Высыпала перед снохой горсть крупного северного жемчугу с редким розовым отливом. Та просияла. Маленькому гостинцы свои — морские раковины, расшитую цветными мехами лопарскую оболочинку-малицу и сапожки из оленьей шкуры да сушеные морские звезды. Олене бросила походя:
— Замуж пора! Фовра, смотри, детей носит, остареешь в девках! Иван Савелков все не женат? — спросила невзначай, знала сама, конечно. — Думай, девка, годы-ти идут! — сказала и не стала боле слушать ни смотреть: пусть сама решает.
За трапезой расспрашивала, кто помер, заболел, женился, кто у кого народился. Ненароком вызнала у Олферия, что делается на Славне.
Новое было лицо у Марфы. Уже не сказать, что красавица, что годы не берут
— то все ушло. Морщины легли, но от них лицо не одрябло, а стало сурово и решительно. Глаза — светлее, словно промытые северными снегами.
Резче сказывалась властность в движениях твердых рук, в голосе, словно все прочее выжгло теперь или отгорело само. Дел городских касалась слегка.
— Степенной Федор Глазоемец? — спросила, усмехнулась, а так, словно, не кончай в феврале славенский посадник свой срок, не усидеть бы ему и на степени.

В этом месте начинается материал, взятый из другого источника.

(* Let $n\geq 1$, $m=\frac{n^2+n}{2}$, and let $z:\mathbb{R}^n\to\mathbb{R}^m$ be the map $z(x)=\begin{bmatrix}x_1^2 & x_1x_2 & \cdots & x_1x_n & x_2^2 & x_2x_3 & \cdots & x_n^2\end{bmatrix}^\top$ listing all quadratic monomials of $x$. Let $E=E^\top\in\mathbb{R}^{n\times n}$ be positive definite, $\alpha>0$, and $\mathcal{E}_\alpha=\{x : x^\top E x\leq\alpha^2\}$. Let $c_1,c_2\in\mathbb{R}^n$ be two nonzero, linearly independent vectors, and define $\phi(x)=x^\top Q x$ with $Q=\frac12(c_1c_2^\top+c_2c_1^\top)$. Then there exists $b\in\mathbb{R}^m$ such that $\phi(x)=b^\top z(x)$ for all $x$. Moreover, for $W$ equal to either $(c_2^\top E^{-1}c_2)\,c_1c_1^\top$ or $(c_1^\top E^{-1}c_1)\,c_2c_2^\top$, we have $$\begin{bmatrix} x\\ w\end{bmatrix}^\top\begin{bmatrix}\alpha^2 W & 0\\ 0 & -bb^\top\end{bmatrix}\begin{bmatrix} x\\ w\end{bmatrix}\geq 0\quad\text{for all } x\in\mathcal{E}_\alpha,\ w=z(x).$$ *)

From HB Require Import structures.
From mathcomp Require Import all_boot all_order all_algebra.
Set Implicit Arguments. Unset Strict Implicit. Unset Printing Implicit Defensive.
Import Order.TTheory GRing.Theory Num.Theory.
Local Open Scope ring_scope.

Definition msize (n : nat) : nat := ((n * n + n) %/ 2)%N.

Definition qpairs (n : nat) : seq (nat * nat) :=
  [seq (i, j) | i <- iota 0 n, j <- iota i (n - i)].

(* i-th coordinate (0-based) of x, 0 if out of range *)
Definition vget (R : ringType) (n : nat) (x : 'cV[R]_n) (i : nat) : R :=
  match @insub nat (fun k => k < n)%N 'I_n i with
  | Some k => x k 0
  | None => 0
  end.

Definition zvec (R : ringType) (n : nat) (x : 'cV[R]_n) : 'cV[R]_(msize n) :=
  \col_(k < msize n)
    (let p := nth (0%N, 0%N) (qpairs n) k in vget x p.1 * vget x p.2).

Definition qform (R : ringType) (n : nat) (M : 'M[R]_n) (x : 'cV[R]_n) : R :=
  (x^T *m M *m x) 0 0.

Definition posdef (R : numDomainType) (n : nat) (E : 'M[R]_n) : Prop :=
  forall x : 'cV[R]_n, x != 0 -> 0 < qform E x.

(* Take for b the coefficients Q_ii and Q_ij + Q_ji (i < j) of the monomials,
   so that b'z(x) = x'Qx = (c1'x)(c2'x).  On the block vector the form equals
   alpha^2 x'Wx - phi(x)^2; for W = k2 c1 c1' with k2 = c2' E^-1 c2 this is
   (c1'x)^2 (alpha^2 k2 - (c2'x)^2), which is nonnegative because Cauchy-Schwarz
   for the inner product of E, applied to E^-1 c2 and x, gives
   (c2'x)^2 <= k2 x'Ex <= k2 alpha^2.  The other choice of W is symmetric. *)

From HB Require Import structures.
From mathcomp Require Import all_boot all_order all_algebra.
From mathcomp Require Import ring.
Set Implicit Arguments. Unset Strict Implicit. Unset Printing Implicit Defensive.
Import Order.TTheory GRing.Theory Num.Theory.
Local Open Scope ring_scope.

Lemma mx11_trmx (T : Type) (M : 'M[T]_1) : M^T 0 0 = M 0 0.
Proof. by rewrite mxE. Qed.

Section QuadraticForm.
Variables (R : comNzRingType) (n : nat).
Implicit Types (M : 'M[R]_n) (u x y c d : 'cV[R]_n).

Lemma qformD M1 M2 x : qform (M1 + M2) x = qform M1 x + qform M2 x.
Proof. by rewrite /qform mulmxDr mulmxDl mxE. Qed.

Lemma qformZ a M x : qform (a *: M) x = a * qform M x.
Proof. by rewrite /qform -scalemxAr -scalemxAl mxE. Qed.

Lemma qformN M x : qform (- M) x = - qform M x.
Proof. by rewrite -scaleN1r qformZ mulN1r. Qed.

Lemma qform_rank1 c d x : qform (c *m d^T) x = (c^T *m x) 0 0 * (d^T *m x) 0 0.
Proof.
rewrite /qform !mulmxA -(mulmxA _ _ x) mxE big_ord1.
by rewrite -mx11_trmx trmx_mul trmxK.
Qed.

Lemma mxbilinC M x y : M^T = M ->
  (y^T *m M *m x) 0 0 = (x^T *m M *m y) 0 0.
Proof. by move=> MT; rewrite -mx11_trmx !trmx_mul trmxK MT mulmxA. Qed.

Lemma mxbilinDr M a b u x y :
  (u^T *m M *m (a *: x + b *: y)) 0 0 =
  a * (u^T *m M *m x) 0 0 + b * (u^T *m M *m y) 0 0.
Proof.
by rewrite linearD !linearZ [(_ + _ : 'M_1) 0 0]mxE ![(_ *: _ : 'M_1) 0 0]mxE.
Qed.

Lemma qform_lincomb M a b x y : M^T = M ->
  qform M (a *: x + b *: y) =
  a ^+ 2 * qform M x + 2 * a * b * (x^T *m M *m y) 0 0 + b ^+ 2 * qform M y.
Proof.
move=> MT; rewrite /qform mxbilinDr.
rewrite !(mxbilinC _ (a *: x + b *: y) MT) !mxbilinDr.
rewrite (mxbilinC y x MT); ring.
Qed.

End QuadraticForm.

Lemma qform_block_diag (R : nzRingType) n1 n2 (A : 'M[R]_n1) (D : 'M[R]_n2) x y :
  qform (block_mx A 0 0 D) (col_mx x y) = qform A x + qform D y.
Proof.
by rewrite /qform tr_col_mx mul_row_block !mulmx0 addr0 add0r mul_row_col mxE.
Qed.

Lemma qform_sym_rank2 (R : numFieldType) n (c d x : 'cV[R]_n) :
  qform (2^-1 *: (c *m d^T + d *m c^T)) x = (c^T *m x) 0 0 * (d^T *m x) 0 0.
Proof. by rewrite qformZ qformD !qform_rank1; field. Qed.

Section PositiveDefinite.
Variables (R : numDomainType) (n : nat) (E : 'M[R]_n).
Hypotheses (ET : E^T = E) (EP : posdef E).

Lemma posdef_ge0 x : 0 <= qform E x.
Proof.
have [->|x0] := eqVneq x 0; last exact/ltW/EP.
by rewrite /qform mulmx0 mxE.
Qed.

Lemma posdef_CauchySchwarz x y :
  ((x^T *m E *m y) 0 0) ^+ 2 <= qform E x * qform E y.
Proof.
have [->|y0] := eqVneq y 0; first by rewrite /qform !mulmx0 mxE expr0n mulr0.
set a := (x^T *m E *m y) 0 0; set B := qform E y.
have B_gt0 : 0 < B by exact: EP.
have := posdef_ge0 (B *: x + (- a) *: y).
rewrite qform_lincomb // -/a -/B.
suff -> : B ^+ 2 * qform E x + 2 * B * - a * a + (- a) ^+ 2 * B =
          B * (qform E x * B - a ^+ 2) by rewrite pmulr_rge0 // subr_ge0.
ring.
Qed.

End PositiveDefinite.

Section InverseForm.
Variables (R : numFieldType) (n : nat) (E : 'M[R]_n).
Hypotheses (ET : E^T = E) (EP : posdef E).
Implicit Types (c x : 'cV[R]_n).

Lemma posdef_unitmx : E \in unitmx.
Proof.
rewrite unitmxE unitfE; apply/negP => /det0P [v v0 vE].
have := @EP v^T; rewrite trmx_eq0 => /(_ v0).
by rewrite /qform trmxK vE mul0mx mxE ltxx.
Qed.

Lemma qform_invmx c : qform (invmx E) c = qform E (invmx E *m c).
Proof.
by rewrite /qform trmx_mul trmx_inv ET !mulmxA mulmxKV ?posdef_unitmx.
Qed.

Lemma dot_invmx c x : (c^T *m x) 0 0 = ((invmx E *m c)^T *m E *m x) 0 0.
Proof. by rewrite trmx_mul trmx_inv ET mulmxKV ?posdef_unitmx. Qed.

Lemma qform_invmx_ge0 c : 0 <= qform (invmx E) c.
Proof. by rewrite qform_invmx posdef_ge0. Qed.

Lemma sqr_dot_le_qform_invmx c x :
  ((c^T *m x) 0 0) ^+ 2 <= qform (invmx E) c * qform E x.
Proof. by rewrite dot_invmx qform_invmx posdef_CauchySchwarz. Qed.

End InverseForm.

Lemma sqr_dot_mul_le_ellipsoid (R : realFieldType) n (E : 'M[R]_n) (alpha : R)
    (c d x : 'cV[R]_n) :
  E^T = E -> posdef E -> qform E x <= alpha ^+ 2 ->
  ((c^T *m x) 0 0 * (d^T *m x) 0 0) ^+ 2 <=
  alpha ^+ 2 * qform (qform (invmx E) d *: (c *m c^T)) x.
Proof.
move=> ET EP x_in.
have d_bound : ((d^T *m x) 0 0) ^+ 2 <= qform (invmx E) d * alpha ^+ 2.
  apply: le_trans (sqr_dot_le_qform_invmx ET EP d x) _.
  by apply: ler_wpM2l; rewrite ?qform_invmx_ge0.
rewrite qformZ qform_rank1 -expr2 exprMn.
set a := (c^T *m x) 0 0; set kd := qform (invmx E) d.
have -> : alpha ^+ 2 * (kd * a ^+ 2) = a ^+ 2 * (kd * alpha ^+ 2) by ring.
by apply: ler_wpM2l; rewrite ?sqr_ge0.
Qed.

Lemma sum_square_upper (V : nmodType) n (g : nat -> nat -> V) :
  \sum_(0 <= i < n) \sum_(0 <= j < n) g i j =
  \sum_(0 <= i < n) \sum_(i <= j < n) (if i == j then g i i else g i j + g j i).
Proof.
elim: n => [|n IHn]; first by rewrite !big_geq.
rewrite big_nat_recr //= [RHS]big_nat_recr //= big_nat1 eqxx big_nat_recr //=.
have -> : \sum_(0 <= i < n) \sum_(0 <= j < n.+1) g i j =
          \sum_(0 <= i < n) (\sum_(0 <= j < n) g i j + g i n).
  by apply: eq_big_nat => i _; rewrite big_nat_recr.
have -> : \sum_(0 <= i < n) \sum_(i <= j < n.+1)
            (if i == j then g i i else g i j + g j i) =
          \sum_(0 <= i < n) (\sum_(i <= j < n)
            (if i == j then g i i else g i j + g j i) + (g i n + g n i)).
  apply: eq_big_nat => i /andP[_ lt_in].
  by rewrite big_nat_recr 1?ltnW //= (ltn_eqF lt_in).
by rewrite !big_split /= -IHn !addrA.
Qed.

Lemma size_qpairs n : size (qpairs n) = msize n.
Proof.
rewrite size_allpairs_dep sumnE big_map -{1}[n]subn0 -/(index_iota 0 n).
rewrite big_nat_rev /=.
under eq_big_nat => i /andP[_ lt_in] do rewrite size_iota add0n subKn //.
rewrite -[\sum_(0 <= i < n) i.+1]add0n -(big_nat_recl _ _ (fun i => i)) //.
by rewrite bin2_sum bin2 /msize divn2 mulSn addnC.
Qed.

Section MonomialCoordinates.
Variables (R : comNzRingType) (n : nat).
Implicit Types (M : 'M[R]_n) (x : 'cV[R]_n).

Definition mxget M (i j : nat) : R :=
  if (insub i : option 'I_n, insub j : option 'I_n) is (Some a, Some b)
  then M a b else 0.

Definition upper_coef M (p : nat * nat) : R :=
  if p.1 == p.2 then mxget M p.1 p.1 else mxget M p.1 p.2 + mxget M p.2 p.1.

Definition qform_coef M : 'cV[R]_(msize n) :=
  \col_(k < msize n) upper_coef M (nth (0, 0)%N (qpairs n) k).

Lemma qform_nat_sum M x :
  qform M x = \sum_(0 <= i < n) \sum_(0 <= j < n) vget x i * mxget M i j * vget x j.
Proof.
rewrite /qform mxE exchange_big big_mkord; apply: eq_bigr => j _.
rewrite mxE big_distrl big_mkord; apply: eq_bigr => i _.
by rewrite mxE /vget /mxget !valK.
Qed.

Lemma qform_coefP M x : qform M x = ((qform_coef M)^T *m zvec x) 0 0.
Proof.
transitivity (\sum_(p <- qpairs n) upper_coef M p * (vget x p.1 * vget x p.2)).
  rewrite qform_nat_sum sum_square_upper big_allpairs_dep /index_iota subn0.
  apply: eq_bigr => i _; apply: eq_bigr => j _.
  by rewrite /upper_coef /=; case: eqP => [<-|_]; ring.
rewrite mxE (big_nth (0, 0)%N) size_qpairs big_mkord.
by apply: eq_bigr => k _; rewrite !mxE.
Qed.

End MonomialCoordinates.

Theorem theorem2 (R : realFieldType) (n : nat) (hn : (1 <= n)%N)
  (E : 'M[R]_n) (alpha : R) (c1 c2 : 'cV[R]_n) :
  E^T = E -> posdef E -> 0 < alpha ->
  c1 != 0 -> c2 != 0 -> row_free (col_mx c1^T c2^T) ->
  let Q : 'M[R]_n := 2^-1 *: (c1 *m c2^T + c2 *m c1^T) in
  exists b : 'cV[R]_(msize n),
    (forall x : 'cV[R]_n, qform Q x = (b^T *m zvec x) 0 0) /\
    (forall W : 'M[R]_n,
       W = (c2^T *m invmx E *m c2) 0 0 *: (c1 *m c1^T) \/
       W = (c1^T *m invmx E *m c1) 0 0 *: (c2 *m c2^T) ->
       forall x : 'cV[R]_n, qform E x <= alpha ^+ 2 ->
         0 <= qform (block_mx (alpha ^+ 2 *: W) 0 0 (- (b *m b^T)))
                    (col_mx x (zvec x))).
Proof.
move=> ET EP _ _ _ _ Q.
exists (qform_coef Q); split=> [x|W defW x x_in]; first exact: qform_coefP.
rewrite qform_block_diag qformN qform_rank1 -qform_coefP qformZ subr_ge0.
rewrite -expr2 qform_sym_rank2.
by case: defW => ->; [|rewrite mulrC]; apply: sqr_dot_mul_le_ellipsoid.
Qed.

«Ой ли, хватит ли сил нынче?» — подумал Олферий. Теща не помягчела и, видно, знать не хочет, кто нынь в силе в Новгороде. Или знает?
Легко так, между делом, сказала, взглянув на Федора:
— Березовец опять грабили москвичи? — И вновь усмехнулась недобро.
Удалясь после трапезы, позвала Пишу.
— Сказывай, старая, как тута без меня?
Вполуха выслушала мелкие дела, домашние заботы Пишины, перебила:
— Слыхала, и вы тут великого князя с молодой женой поздравляли?
Пиша в радостях, что боярыня полюбопытствовала о том, о чем лонись судачил весь Новгород, зарассказывала о византийской царевне:
— Красавица! Пышная вся, белая такая, уста алые, цто купциха московська, право!
— Ты-то цему рада? — с усмешкой осадила ее Марфа. Помолчала, выронила:
— Цареградску перину себе достал князь Иван! Теперь царем величать себя прикажет! Ну, говори, говори! Сбила я тебя, не обессудь…
Мылась в бане. Как прежде, мятой и богородской травой пахнул густой банный дух. Вечером приняла ключника. Слушала молча, пытливо разглядывая Иева. Грамотки приняла небрежно.
— Оставь, проверю. И погляжу сама, сколь цего в анбарах у тебя. Людей сам напринимал али Федор?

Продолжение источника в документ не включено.